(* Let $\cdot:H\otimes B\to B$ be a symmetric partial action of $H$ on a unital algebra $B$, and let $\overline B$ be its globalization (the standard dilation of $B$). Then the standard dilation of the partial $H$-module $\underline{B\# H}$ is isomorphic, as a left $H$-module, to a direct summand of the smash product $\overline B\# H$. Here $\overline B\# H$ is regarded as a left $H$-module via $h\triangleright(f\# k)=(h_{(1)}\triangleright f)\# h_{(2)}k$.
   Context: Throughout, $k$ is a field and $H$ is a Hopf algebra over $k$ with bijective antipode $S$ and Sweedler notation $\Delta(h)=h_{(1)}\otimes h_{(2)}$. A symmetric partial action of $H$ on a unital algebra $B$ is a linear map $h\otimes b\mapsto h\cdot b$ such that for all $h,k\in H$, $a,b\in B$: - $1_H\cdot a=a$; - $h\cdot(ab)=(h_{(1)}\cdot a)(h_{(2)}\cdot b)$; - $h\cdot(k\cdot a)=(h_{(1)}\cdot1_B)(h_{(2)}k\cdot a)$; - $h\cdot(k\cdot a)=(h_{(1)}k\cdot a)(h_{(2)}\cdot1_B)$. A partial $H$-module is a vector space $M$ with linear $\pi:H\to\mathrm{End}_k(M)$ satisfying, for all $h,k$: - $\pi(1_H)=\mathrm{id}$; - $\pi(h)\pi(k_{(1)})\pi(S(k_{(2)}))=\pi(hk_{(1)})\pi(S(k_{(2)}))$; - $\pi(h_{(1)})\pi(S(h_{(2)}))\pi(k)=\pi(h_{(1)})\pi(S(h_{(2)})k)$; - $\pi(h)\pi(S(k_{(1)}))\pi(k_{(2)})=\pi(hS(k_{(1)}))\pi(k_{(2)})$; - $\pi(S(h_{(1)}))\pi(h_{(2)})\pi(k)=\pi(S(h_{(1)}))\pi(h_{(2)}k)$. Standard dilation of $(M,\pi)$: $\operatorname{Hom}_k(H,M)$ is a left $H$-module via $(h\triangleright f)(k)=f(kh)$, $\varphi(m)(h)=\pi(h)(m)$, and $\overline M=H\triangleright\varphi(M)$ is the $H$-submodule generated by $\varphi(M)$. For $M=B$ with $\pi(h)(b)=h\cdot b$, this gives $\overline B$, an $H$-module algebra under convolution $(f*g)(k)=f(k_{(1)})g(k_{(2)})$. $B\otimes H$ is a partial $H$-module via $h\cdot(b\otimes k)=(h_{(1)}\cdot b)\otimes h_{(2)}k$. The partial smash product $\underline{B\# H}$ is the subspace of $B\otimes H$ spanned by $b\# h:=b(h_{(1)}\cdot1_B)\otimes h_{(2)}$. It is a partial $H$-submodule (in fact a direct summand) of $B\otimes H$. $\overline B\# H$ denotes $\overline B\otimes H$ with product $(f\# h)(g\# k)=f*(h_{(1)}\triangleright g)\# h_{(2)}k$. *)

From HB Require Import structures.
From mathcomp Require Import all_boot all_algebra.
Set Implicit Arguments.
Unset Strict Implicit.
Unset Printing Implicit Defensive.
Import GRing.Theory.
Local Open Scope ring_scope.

═══

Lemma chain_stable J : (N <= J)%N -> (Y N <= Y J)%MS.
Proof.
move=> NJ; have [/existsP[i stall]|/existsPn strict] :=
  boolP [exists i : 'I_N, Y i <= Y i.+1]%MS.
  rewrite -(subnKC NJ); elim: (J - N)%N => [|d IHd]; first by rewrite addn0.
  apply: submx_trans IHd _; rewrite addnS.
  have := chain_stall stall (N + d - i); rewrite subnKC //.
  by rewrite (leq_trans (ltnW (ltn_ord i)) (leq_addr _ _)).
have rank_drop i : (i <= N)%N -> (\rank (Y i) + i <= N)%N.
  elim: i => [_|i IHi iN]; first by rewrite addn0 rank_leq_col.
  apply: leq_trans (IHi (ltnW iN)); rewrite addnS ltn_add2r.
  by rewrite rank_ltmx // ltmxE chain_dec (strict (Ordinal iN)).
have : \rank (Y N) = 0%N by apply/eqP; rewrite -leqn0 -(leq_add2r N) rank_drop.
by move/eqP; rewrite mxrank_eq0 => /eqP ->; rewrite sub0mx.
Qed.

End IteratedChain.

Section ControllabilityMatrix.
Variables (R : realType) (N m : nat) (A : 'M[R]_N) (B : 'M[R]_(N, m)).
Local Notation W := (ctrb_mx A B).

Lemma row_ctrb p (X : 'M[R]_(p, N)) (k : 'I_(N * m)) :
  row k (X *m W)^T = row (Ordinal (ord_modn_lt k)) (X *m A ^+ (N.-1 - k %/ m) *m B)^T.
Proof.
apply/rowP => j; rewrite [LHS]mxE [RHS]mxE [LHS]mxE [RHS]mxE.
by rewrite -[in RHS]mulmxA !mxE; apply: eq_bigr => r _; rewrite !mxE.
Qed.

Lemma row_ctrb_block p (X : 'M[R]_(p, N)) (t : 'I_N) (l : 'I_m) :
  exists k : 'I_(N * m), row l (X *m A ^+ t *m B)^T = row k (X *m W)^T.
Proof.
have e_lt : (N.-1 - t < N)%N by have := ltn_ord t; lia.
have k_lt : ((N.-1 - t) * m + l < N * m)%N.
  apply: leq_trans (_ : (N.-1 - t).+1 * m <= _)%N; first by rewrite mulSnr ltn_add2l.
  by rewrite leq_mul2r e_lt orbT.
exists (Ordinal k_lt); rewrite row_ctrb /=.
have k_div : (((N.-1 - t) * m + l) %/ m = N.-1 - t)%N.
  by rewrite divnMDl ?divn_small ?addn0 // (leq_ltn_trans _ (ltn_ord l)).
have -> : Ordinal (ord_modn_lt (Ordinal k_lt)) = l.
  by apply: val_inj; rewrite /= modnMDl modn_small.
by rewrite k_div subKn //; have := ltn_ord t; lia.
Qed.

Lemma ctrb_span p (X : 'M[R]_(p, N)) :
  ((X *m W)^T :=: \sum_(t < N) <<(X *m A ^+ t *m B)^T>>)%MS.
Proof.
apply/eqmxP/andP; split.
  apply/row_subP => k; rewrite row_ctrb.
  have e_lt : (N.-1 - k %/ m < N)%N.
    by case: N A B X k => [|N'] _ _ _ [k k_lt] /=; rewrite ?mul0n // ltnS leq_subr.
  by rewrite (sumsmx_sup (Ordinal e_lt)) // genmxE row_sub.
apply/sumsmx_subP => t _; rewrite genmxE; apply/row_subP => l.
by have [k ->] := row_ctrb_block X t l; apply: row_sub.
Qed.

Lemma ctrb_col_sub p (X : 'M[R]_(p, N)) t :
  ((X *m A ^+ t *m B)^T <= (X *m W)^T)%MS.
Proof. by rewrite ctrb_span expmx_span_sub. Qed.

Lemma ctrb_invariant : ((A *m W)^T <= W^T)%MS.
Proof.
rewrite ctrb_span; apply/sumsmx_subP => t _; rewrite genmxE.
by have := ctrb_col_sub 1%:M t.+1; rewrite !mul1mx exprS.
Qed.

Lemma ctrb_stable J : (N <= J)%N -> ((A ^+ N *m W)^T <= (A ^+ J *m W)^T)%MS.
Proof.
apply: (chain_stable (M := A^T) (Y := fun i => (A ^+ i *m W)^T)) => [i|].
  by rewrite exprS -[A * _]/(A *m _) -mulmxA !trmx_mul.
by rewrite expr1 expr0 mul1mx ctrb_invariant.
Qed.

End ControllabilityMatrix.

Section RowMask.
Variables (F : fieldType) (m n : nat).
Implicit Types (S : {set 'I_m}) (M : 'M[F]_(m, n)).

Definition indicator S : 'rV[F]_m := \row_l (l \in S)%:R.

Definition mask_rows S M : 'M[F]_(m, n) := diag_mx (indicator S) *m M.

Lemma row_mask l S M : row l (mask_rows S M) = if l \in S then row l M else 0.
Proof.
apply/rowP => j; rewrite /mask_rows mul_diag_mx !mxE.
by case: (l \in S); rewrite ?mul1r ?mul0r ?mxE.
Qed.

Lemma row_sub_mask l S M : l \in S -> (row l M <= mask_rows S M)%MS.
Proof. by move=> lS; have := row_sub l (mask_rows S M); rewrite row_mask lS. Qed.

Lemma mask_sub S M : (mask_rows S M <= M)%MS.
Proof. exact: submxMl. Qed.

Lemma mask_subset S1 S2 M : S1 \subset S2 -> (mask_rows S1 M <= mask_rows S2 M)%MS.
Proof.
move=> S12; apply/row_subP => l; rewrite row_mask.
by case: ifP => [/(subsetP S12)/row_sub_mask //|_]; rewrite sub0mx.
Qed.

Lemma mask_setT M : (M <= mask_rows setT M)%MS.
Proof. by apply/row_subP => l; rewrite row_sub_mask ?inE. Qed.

═══

Find how many lines in the preceding listing contain the word "Definition", and answer with that number only.

**Response to this task**
2